But Engie energy has hit back, describing as “offensive” any suggestion of a link between its tender application and last week’s eleventh-hour intervention.
Engie agreed to fire up its largely-mothballed Pelican Point gas-fired power station, after a desperate plea from Treasurer Tom Koutsantonis, at the behest of a delegation of manufacturers who warned soaring prices could lead to temporary shutdowns.
The $450 million Le Fevre Peninsula plant has operated at less than half capacity in recent years, citing falling electricity demand due to a manufacturing slump, increased transmission links with Victoria, and competition from subsidised wind and solar production.

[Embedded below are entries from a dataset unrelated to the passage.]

Lemma partition_of_blocks_two_sizes n q : q \in ordered_block_pairs n ->
  is_partition (partition_of_blocks q) && (num_distinct_parts (partition_of_blocks q) == 2).
Proof.
case: q => [[a x] [b y]] /setIdP[q_n lt_ba].
rewrite /is_partition /num_distinct_parts /parts_of (val_partition_of_blocks q_n).
rewrite sorted_blocks ?(ltnW lt_ba) // sumn_blocks.
move: q_n; rewrite inE /= => /and5P[a_gt0 x_gt0 b_gt0 y_gt0 /eqP ->]; rewrite eqxx /=.
rewrite !filter_cat !filter_nseq a_gt0 b_gt0 /= !mul1n cats0.
have neq_ab : (a : nat) != b by rewrite gtn_eqF.
suff /perm_size-> :
    perm_eq (undup (nseq x (a : nat) ++ nseq y (b : nat))) [:: (a : nat); (b : nat)] by [].
apply: uniq_perm; rewrite ?undup_uniq //= ?inE ?neq_ab // => p.
by rewrite mem_undup mem_cat !mem_nseq !inE x_gt0 y_gt0.
Qed.

Lemma two_sizes_partition_of_blocks n (t : n.-tuple 'I_n.+1) :
  is_partition t && (num_distinct_parts t == 2) ->
  exists2 q, q \in ordered_block_pairs n & t = partition_of_blocks q.
Proof.
case/andP=> /andP[t_geq /eqP t_sum] /eqP /two_positive_values[a [b [ab a_t b_t t_sub]]].
have t_blocks := sorted_blocksE ab t_geq t_sub.
case/andP: ab => b_gt0 lt_ba.
set s := map val t in t_geq t_sum a_t b_t t_sub t_blocks.
set x := count_mem a s in t_blocks *; set y := count_mem b s in t_blocks *.
have size_s : x + y + count_mem 0 s = n.
  by move: (congr1 size t_blocks); rewrite size_blocks size_map size_tuple.
have le_n p : p \in s -> p <= n by case/mapP=> i _ ->; apply: leq_ord.
have [x_gt0 y_gt0] : 0 < x /\ 0 < y by rewrite -!has_count !has_pred1.
have [le_an le_bn le_xn le_yn] : [/\ a <= n, b <= n, x <= n & y <= n].
  by split; [apply: le_n | apply: le_n | lia | lia].
have q_n : ((inord a, inord x), (inord b, inord y)) \in block_pairs n.
  rewrite inE /= !inordK // x_gt0 y_gt0 b_gt0 -t_sum t_blocks sumn_blocks eqxx !andbT.
  by apply: leq_trans lt_ba.
exists ((inord a, inord x), (inord b, inord y)); first by rewrite inE q_n /= !inordK.
apply/val_inj/(inj_map val_inj); rewrite /= (val_partition_of_blocks q_n) !inordK //.
by change (s = blocks a x b y (n - (x + y))); rewrite {1}t_blocks; congr blocks; lia.
Qed.

Lemma p2_ordered_block_pairs n : p2 n = #|ordered_block_pairs n|.
Proof.
rewrite /p2 -(card_in_imset (@partition_of_blocks_inj n)); apply: eq_card => t.
rewrite inE; apply/idP/imsetP.
- by case/two_sizes_partition_of_blocks => q q_n ->; exists q.
- by case=> q q_n ->; apply: partition_of_blocks_two_sizes.
Qed.

Lemma card_block_pairs n : 0 < n -> #|block_pairs n| = \sum_(1 <= j < n) ndiv j * ndiv (n - j).
Proof.
move=> n_gt0; pose A := [pred p : 'I_n.+1 * 'I_n.+1 | (0 < p.1) && (0 < p.2)].
transitivity
  #|[set pq | [&& pq.1 \in A, pq.2 \in A & pq.1.1 * pq.1.2 + pq.2.1 * pq.2.2 == n]]|.
  by apply: eq_card => q; rewrite !inE !andbA.
rewrite (card_weight_pairs (w := fun p : 'I_n.+1 * 'I_n.+1 => p.1 * p.2)); last first.
  by move=> p /andP[a_gt0 x_gt0]; rewrite muln_gt0 a_gt0.
have fiber k : 0 < k <= n -> #|[set p in A | p.1 * p.2 == k]| = ndiv k.
  by move=> k_ok; rewrite -(card_factor_pairs k_ok); apply: eq_card => p; rewrite !inE andbA.
by apply: eq_big_nat => j j_ok; rewrite !fiber //; lia.
Qed.

Lemma card_block_pairs_lt n :
  #|[set q in block_pairs n | q.1.1 < q.2.1]| = #|ordered_block_pairs n|.
Proof.
rewrite -(card_preimset _ (can_inj swap_pairK)); apply: eq_card => -[[a x] [b y]].
by rewrite !inE /= addnC; lia.
Qed.

Lemma card_block_pairs_eq n : 0 < n ->
  #|[set q in block_pairs n | q.1.1 == q.2.1]| + ndiv n = sigma n.
Proof.
move=> n_gt0.
transitivity (\sum_(a < n.+1) \sum_(x < n.+1) \sum_(b < n.+1) \sum_(y < n.+1)
    [&& 0 < a, 0 < x, 0 < b, 0 < y, a * x + b * y == n & a == b] + ndiv n).
  congr (_ + _); rewrite -(card_set_pair2 (fun a x b y : 'I_n.+1 =>
    [&& 0 < a, 0 < x, 0 < b, 0 < y, a * x + b * y == n & a == b])).
  by apply: eq_card => q; rewrite !inE -!andbA.
rewrite (eq_bigr (fun a : 'I_n.+1 => if a %| n then (n %/ a).-1 else 0)) => [|a _]; last first.
  rewrite exchange_big (bigD1 a) //= [X in _ + X]big1 ?addn0 => [|b neq_ba]; last first.
    by apply: big1 => x _; apply: big1 => y _; rewrite [a == b]eq_sym (negPf neq_ba) !andbF.
  have [->|a_gt0] := posnP a.
    by rewrite dvd0n gtn_eqF //; apply: big1 => x _; apply: big1.
  rewrite -(card_scaled_compositions2 a_gt0 (leqnn n)).
  rewrite (card_set_pair (fun x y : 'I_n.+1 => [&& 0 < x, 0 < y & a * x + a * y == n])).
  by apply: eq_bigr => x _; apply: eq_bigr => y _; rewrite eqxx andbT.
rewrite -big_mkcond -(sum_divisors_ord (fun d => (n %/ d).-1)) ?n_gt0 ?leqnn //.
rewrite /ndiv -sum1_size -big_split.
rewrite -sum_divisors_quotient //; apply: eq_big_seq => d; rewrite -dvdn_divisors // => d_n.
by rewrite /= addn1 prednK // divn_gt0 ?(dvdn_gt0 n_gt0 d_n) // (dvdn_leq n_gt0 d_n).
Qed.

Local Open Scope ring_scope.

Theorem corollary2p5 (n : nat) : (0 < n)%N ->
  (p2 n)%:R =
    (1 / 2 : rat) *
    ((\sum_(1 <= j < n) ((ndiv j * ndiv (n - j))%N)%:R)
       + (ndiv n)%:R - (sigma n)%:R).
Proof.
move=> n_gt0.
have p2_twice :
    (2 * p2 n + sigma n = \sum_(1 <= j < n) ndiv j * ndiv (n - j) + ndiv n)%N.
  rewrite -card_block_pairs //.
  rewrite (card_ltngt _ (fun q : block_pair n => q.1.1 : nat) (fun q => q.2.1 : nat)) /=.
  rewrite card_block_pairs_lt -(card_block_pairs_eq n_gt0) p2_ordered_block_pairs.
  by rewrite mul2n -addnn !addnA.
have := congr1 (fun m => m%:R : rat) p2_twice; rewrite /= !natrD -natr_sum.
by lra.
Qed.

But it returned to temporary full capacity last week – as high winds ironically put much of the state’s wind-power generation offline and the Heywood interconnector was unavailable due to improvement works – after a request Koutsantonis said was extraordinary and a one-off.
But Parnell says the commercial-in-confidence agreement raises a “burning question”, asking “whether there was any expectation on the part of Engie that they have either won or increased their chances of winning a lucrative government contract”.
Engie has confirmed it has bid for a contract to provide low-carbon power to the State Government. The Australian Financial Review reported in February the contract would be worth about $50 million a year, although Engie disputes this figure.
Koutsantonis told InDaily in a statement the result of that tender was expected “within weeks”, but emphasised: “There is no link between Engie bringing additional gas-fired generation on at Pelican Point and the results of the tender process.”
Parnell said if Pelican Point was feasible to operate at higher capacity, the company would have been doing so already, arguing “suggestions that a big multi-national power company would operate at a loss with no prospect of later reward are pretty hard to swallow”.
But Engie’s head of corporate affairs, Jim Kouts, said the suggestion was “offensive”.
“At no stage in our response to the Government’s request to return a Pelican Point unit to service was the tender process discussed or raised,” he said in a statement.
He said the suggestion the facility was running at a loss showed “a basic lack of understanding of the National Energy Market”.
“Engie made a commercial decision based on the operation of the NEM and has subsequently been in discussions with a number of large South Australian businesses about their electricity supply arrangements,” he said.
Asked whether the confidential terms of the arrangement with the Government could inadvertently give rise to questions around the tender process, Kouts said: “No – again, the question is offensive to all parties involved in providing an emergency response to the current electricity supply situation in South Australia.
“The NEM is a transparent open market and how it operates and details of the market are accessible to the community online.”
When the temporary arrangement was announced, the company said it would return to reduced capacity once the inter-connector outage was complete, as “current market conditions, tight gas supply and high gas prices will mean Pelican Point is likely to be again off-line in the near term”.
A spokesman said the interconnector works had been planned for more than a year, and “commercial and business customers have had the option of hedging against the spot market while the upgrade was undertaken to minimise risk and avoid price fluctuations”.
Parnell has previously criticised Engie’s bid for the low-carbon energy contract, saying “the Government must not use its low-carbon tender process to prop up more fossil fuel generation”.